=== EXERCISE INSTRUCTIONS ===
Wherever "Scope" appears in a line of the records below, count that line, and report only the number.

____ DATASET EXCERPTS

(* Fix $s,z>0$ and define $$c_{s,z}=\min\Big\{\Big|1-\frac{s}{z}\Big|,1\Big\},\qquad t_{s,z}=(1+c_{s,z})s,$$ $$g_{s,z}(a)=\begin{cases}\max\{z-a,\min\{s-z,z\}\}&a\le s\\ 0&a>s,\end{cases}\qquad h_{s,z}(a)=\begin{cases}z& a\le c_{s,z}s\\ \frac{z}{s}\big(s-(a-c_{s,z}s)\big)& a>c_{s,z}s.\end{cases}$$ Then (i) $\displaystyle\int_0^{t_{s,z}}\frac{da}{1-\rho_Z(g_{s,z}(a))}=\mathbb{E}[T^{\mathrm{res}}_{\mathrm{SRPT\text{-}B}}(s,z)]+c_{s,z}s$; (ii) $\displaystyle\int_0^{t_{s,z}}\frac{da}{1-\rho_Z(h_{s,z}(a))}=\mathbb{E}[T^{\mathrm{res}}_{\mathrm{SRPT\text{-}SE}}(s,z)]+c_{s,z}\,\mathbb{E}[T^{\mathrm{res}}_{\mathrm{PSJF\text{-}E}}(s,z)]$; (iii) $g_{s,z}(a)\le h_{s,z}(a)$ for all $a\in(0,t_{s,z})$.
   Context: Model: M/G/1 queue (Poisson arrivals of rate $\lambda$, single preemptive server of rate 1) in which each job has i.i.d. (true size, estimated size) pair distributed as $(S,Z)$ with a joint density; $0<\rho=\lambda\mathbb{E}[S]<1$. $\rho_Z(x)=\lambda\mathbb{E}[S\mathbf{1}(Z\le x)]$ (so $\rho_Z(x)=0$ for $x\le0$). Policies are defined by rank functions on states $(s,z,a)$ (age $a$), the job of least rank being served: SRPT-B: $\min\{|z-a|,z\}$; SRPT-SE: $\frac{z}{s}(s-a)$; PSJF-E: $z$. Worst future rank: $w_\pi(s,z,a)=\sup_{b\in[a,s)}r_\pi(s,z,b)$. Residence time of a tagged job is the time from its first service to its completion; $T^{\mathrm{res}}_\pi(s,z)$ is the residence time under $\pi$ of a tagged job with true size $s$ and estimated size $z$ arriving in steady state. Known fact (cited, may be used): for $\pi\in\{\text{SRPT-B},\text{SRPT-SE},\text{PSJF-E}\}$, $\mathbb{E}[T^{\mathrm{res}}_\pi(s,z)]=\int_0^s\frac{da}{1-\rho_Z(w_\pi(s,z,a))}$. *)

From HB Require Import structures.
From mathcomp Require Import all_boot all_order all_algebra.
From mathcomp Require Import all_classical all_reals all_analysis.
Set Implicit Arguments. Unset Strict Implicit. Unset Printing Implicit Defensive.
Import Order.TTheory GRing.Theory Num.Theory.
Import numFieldNormedType.Exports.
Local Open Scope classical_set_scope.
Local Open Scope ring_scope.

________

=== RESPONSE TO THIS TASK ===
2